» **Task directions**:
Range to reproduce from the entries below: the line with "rewrite ler_pdivlMr // in eps0_le.", the line with "apply: le_trans (ler_wpM2r", and every line in between. Give them exactly and give nothing else.

» **Extracted data**:
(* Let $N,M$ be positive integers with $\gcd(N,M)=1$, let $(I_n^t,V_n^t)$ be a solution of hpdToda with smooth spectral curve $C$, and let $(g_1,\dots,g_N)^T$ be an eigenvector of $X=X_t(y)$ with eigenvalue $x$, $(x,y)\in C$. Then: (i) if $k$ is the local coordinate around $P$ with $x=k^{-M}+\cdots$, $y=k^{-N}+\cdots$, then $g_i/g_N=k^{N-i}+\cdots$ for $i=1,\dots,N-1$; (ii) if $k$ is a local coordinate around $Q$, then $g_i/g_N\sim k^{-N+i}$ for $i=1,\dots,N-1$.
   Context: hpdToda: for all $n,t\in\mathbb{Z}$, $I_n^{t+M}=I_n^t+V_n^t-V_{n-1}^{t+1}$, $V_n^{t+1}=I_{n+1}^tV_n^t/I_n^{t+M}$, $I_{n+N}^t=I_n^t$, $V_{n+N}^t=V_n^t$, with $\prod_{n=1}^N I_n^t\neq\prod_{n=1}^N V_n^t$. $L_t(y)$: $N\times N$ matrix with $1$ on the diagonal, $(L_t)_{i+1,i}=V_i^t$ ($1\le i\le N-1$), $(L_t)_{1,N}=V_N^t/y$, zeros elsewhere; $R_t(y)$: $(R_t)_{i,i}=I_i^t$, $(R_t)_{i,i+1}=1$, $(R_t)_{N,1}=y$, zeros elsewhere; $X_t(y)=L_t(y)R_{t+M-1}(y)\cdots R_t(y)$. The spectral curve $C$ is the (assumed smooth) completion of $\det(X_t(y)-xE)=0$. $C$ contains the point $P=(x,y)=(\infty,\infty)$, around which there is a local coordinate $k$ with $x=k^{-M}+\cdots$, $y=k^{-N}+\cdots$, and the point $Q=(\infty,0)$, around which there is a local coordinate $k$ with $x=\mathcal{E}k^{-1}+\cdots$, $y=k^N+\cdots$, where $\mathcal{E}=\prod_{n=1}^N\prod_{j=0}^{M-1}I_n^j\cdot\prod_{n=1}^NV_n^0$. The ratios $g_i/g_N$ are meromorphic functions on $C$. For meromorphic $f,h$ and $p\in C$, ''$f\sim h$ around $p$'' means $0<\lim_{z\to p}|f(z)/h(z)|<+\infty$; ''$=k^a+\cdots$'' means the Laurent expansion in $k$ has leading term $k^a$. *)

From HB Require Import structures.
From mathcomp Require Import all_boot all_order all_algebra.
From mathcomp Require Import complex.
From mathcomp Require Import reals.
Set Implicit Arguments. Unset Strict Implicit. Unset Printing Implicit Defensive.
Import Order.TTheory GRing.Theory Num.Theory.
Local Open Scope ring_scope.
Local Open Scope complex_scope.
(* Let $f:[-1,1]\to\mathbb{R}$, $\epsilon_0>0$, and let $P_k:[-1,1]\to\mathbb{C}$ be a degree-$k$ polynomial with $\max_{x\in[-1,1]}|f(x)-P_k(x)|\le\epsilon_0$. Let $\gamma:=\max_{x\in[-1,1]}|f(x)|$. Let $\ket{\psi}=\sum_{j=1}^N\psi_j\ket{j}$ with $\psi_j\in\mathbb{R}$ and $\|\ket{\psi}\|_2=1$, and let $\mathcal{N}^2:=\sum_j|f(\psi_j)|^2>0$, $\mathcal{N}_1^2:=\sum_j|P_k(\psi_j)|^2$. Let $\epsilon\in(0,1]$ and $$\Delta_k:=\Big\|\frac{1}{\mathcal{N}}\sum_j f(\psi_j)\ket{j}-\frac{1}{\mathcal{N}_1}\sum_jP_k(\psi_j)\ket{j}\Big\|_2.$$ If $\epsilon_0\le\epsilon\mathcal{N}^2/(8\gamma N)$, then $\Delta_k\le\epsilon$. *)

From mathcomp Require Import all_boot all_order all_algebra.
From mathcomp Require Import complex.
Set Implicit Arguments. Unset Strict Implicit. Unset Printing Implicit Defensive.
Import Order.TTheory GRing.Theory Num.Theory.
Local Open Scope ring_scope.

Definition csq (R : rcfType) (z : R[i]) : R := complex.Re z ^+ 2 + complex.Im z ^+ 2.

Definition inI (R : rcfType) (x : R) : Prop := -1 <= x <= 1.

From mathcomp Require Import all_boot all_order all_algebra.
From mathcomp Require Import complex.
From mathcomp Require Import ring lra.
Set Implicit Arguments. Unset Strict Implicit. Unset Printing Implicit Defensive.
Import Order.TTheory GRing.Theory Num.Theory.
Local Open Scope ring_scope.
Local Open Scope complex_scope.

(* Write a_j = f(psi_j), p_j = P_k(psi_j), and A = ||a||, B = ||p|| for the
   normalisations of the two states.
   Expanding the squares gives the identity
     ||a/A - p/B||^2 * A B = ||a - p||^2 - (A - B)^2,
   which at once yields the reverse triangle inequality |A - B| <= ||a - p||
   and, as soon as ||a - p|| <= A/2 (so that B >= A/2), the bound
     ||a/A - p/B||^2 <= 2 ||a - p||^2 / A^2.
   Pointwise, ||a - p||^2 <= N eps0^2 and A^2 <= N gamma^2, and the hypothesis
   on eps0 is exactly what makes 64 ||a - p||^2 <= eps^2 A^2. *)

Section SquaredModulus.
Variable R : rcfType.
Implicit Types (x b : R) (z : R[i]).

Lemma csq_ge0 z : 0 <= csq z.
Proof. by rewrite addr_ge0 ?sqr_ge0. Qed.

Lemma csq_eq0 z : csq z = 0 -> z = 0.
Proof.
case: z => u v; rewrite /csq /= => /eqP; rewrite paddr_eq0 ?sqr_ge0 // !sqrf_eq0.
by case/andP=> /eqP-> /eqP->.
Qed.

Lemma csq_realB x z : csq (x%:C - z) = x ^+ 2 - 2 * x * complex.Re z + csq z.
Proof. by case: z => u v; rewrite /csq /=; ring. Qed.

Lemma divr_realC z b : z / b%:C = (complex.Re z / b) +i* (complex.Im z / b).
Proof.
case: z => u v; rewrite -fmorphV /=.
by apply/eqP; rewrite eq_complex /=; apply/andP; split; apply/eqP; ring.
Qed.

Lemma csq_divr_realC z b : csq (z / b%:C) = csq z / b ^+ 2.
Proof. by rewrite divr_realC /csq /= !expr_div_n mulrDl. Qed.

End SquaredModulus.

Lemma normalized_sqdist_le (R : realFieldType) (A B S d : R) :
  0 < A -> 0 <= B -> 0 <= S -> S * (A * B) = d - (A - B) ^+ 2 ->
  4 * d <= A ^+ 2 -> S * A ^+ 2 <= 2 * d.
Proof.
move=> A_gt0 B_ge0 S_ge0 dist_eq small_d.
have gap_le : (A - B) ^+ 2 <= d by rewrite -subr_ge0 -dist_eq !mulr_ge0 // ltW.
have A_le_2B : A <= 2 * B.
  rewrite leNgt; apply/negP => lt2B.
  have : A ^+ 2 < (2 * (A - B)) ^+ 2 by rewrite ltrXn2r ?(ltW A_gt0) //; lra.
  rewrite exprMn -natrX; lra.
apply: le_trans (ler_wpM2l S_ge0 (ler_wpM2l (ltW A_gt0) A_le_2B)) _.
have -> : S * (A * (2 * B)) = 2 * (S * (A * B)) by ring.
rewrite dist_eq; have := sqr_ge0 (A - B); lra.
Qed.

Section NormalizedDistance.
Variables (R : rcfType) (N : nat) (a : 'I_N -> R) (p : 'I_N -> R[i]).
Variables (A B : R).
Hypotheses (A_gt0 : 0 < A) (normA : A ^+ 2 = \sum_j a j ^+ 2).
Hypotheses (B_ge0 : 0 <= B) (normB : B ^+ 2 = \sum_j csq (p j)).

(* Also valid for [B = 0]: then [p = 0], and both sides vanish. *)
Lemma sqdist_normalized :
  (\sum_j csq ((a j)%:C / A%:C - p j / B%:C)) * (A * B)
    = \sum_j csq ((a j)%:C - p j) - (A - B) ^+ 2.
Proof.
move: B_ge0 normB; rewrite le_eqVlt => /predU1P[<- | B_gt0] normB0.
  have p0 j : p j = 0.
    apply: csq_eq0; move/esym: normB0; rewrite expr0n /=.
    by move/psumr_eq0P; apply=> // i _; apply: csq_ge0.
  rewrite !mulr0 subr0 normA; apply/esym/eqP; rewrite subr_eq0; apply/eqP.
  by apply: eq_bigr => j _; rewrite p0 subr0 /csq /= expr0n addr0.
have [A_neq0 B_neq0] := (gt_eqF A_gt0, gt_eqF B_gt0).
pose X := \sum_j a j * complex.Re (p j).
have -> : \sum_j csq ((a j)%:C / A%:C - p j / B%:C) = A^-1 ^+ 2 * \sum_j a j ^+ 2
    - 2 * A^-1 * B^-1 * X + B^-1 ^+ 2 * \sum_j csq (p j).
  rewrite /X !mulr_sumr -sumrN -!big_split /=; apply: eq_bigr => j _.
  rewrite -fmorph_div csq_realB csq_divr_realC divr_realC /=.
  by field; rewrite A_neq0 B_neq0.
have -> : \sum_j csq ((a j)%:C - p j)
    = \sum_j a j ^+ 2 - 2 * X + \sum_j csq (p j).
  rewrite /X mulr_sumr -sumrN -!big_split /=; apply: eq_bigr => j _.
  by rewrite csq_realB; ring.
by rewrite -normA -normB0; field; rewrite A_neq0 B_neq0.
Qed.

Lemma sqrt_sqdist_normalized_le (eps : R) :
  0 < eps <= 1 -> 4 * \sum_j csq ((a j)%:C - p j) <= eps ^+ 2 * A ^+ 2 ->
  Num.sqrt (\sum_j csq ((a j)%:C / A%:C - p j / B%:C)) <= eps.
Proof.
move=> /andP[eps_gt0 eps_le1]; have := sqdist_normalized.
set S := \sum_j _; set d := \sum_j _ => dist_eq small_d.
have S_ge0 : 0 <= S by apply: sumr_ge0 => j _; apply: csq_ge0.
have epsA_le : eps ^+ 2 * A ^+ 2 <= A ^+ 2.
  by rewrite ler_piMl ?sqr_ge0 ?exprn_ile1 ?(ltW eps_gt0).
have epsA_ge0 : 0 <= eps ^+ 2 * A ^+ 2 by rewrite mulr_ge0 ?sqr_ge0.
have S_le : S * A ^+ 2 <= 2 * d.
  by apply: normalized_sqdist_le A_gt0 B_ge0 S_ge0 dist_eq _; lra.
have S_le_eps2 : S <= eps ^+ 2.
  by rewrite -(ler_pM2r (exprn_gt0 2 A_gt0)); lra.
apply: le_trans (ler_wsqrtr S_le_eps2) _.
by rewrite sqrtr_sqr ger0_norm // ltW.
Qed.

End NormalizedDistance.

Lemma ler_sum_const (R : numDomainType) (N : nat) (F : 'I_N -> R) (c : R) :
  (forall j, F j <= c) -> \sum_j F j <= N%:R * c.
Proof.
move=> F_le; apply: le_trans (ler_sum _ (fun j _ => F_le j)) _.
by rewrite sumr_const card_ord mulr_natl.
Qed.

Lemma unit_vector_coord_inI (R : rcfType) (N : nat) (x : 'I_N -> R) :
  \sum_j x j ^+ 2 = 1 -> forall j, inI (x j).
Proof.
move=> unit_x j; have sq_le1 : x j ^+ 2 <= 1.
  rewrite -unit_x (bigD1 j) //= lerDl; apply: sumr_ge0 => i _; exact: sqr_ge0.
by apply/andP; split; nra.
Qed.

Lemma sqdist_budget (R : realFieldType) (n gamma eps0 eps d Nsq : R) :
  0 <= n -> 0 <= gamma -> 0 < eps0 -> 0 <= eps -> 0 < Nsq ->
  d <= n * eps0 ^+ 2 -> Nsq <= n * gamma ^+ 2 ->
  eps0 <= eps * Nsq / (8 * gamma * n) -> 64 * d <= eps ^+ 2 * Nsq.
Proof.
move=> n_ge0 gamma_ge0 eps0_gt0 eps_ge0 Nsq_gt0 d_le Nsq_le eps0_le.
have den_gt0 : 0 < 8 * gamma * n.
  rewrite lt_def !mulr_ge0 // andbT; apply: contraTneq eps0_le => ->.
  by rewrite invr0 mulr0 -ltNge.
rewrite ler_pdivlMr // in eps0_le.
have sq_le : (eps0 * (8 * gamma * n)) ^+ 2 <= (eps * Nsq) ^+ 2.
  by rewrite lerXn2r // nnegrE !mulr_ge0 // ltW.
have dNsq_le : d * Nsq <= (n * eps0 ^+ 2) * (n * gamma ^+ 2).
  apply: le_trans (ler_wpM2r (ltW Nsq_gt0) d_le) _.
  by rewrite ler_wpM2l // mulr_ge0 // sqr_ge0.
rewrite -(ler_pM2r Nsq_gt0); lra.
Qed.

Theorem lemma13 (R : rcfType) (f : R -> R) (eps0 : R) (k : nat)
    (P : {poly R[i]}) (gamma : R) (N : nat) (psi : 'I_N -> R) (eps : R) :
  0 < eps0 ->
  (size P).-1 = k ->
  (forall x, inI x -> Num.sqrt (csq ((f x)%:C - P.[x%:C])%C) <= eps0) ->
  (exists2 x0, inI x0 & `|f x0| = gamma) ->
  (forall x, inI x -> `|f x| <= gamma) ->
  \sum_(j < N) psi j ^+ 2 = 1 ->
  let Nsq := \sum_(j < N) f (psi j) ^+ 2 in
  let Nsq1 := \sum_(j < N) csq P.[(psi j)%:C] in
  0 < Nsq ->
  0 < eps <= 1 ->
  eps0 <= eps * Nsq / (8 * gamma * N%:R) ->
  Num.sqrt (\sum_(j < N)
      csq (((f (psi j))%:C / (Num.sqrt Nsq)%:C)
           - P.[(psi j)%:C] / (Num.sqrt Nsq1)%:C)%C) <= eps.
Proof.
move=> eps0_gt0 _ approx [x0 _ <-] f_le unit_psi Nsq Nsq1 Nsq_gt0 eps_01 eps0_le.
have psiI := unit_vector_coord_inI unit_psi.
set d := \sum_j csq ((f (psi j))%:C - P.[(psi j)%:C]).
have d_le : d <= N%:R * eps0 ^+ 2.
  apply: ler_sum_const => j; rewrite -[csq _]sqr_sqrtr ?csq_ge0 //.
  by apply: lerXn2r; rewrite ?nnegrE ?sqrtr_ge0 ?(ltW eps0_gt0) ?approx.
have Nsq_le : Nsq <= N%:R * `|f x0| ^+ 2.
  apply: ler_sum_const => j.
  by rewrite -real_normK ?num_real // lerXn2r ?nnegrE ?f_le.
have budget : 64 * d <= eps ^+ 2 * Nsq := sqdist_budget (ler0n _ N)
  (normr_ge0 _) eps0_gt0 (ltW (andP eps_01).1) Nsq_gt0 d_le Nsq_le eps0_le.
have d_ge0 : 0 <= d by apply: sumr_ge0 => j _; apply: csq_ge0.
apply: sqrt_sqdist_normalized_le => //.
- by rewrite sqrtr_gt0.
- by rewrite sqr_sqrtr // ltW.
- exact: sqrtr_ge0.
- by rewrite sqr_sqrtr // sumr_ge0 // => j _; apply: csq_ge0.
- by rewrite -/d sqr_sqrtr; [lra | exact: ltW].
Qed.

» **Solution for this task**:
rewrite ler_pdivlMr // in eps0_le.
have sq_le : (eps0 * (8 * gamma * n)) ^+ 2 <= (eps * Nsq) ^+ 2.
  by rewrite lerXn2r // nnegrE !mulr_ge0 // ltW.
have dNsq_le : d * Nsq <= (n * eps0 ^+ 2) * (n * gamma ^+ 2).
  apply: le_trans (ler_wpM2r (ltW Nsq_gt0) d_le) _.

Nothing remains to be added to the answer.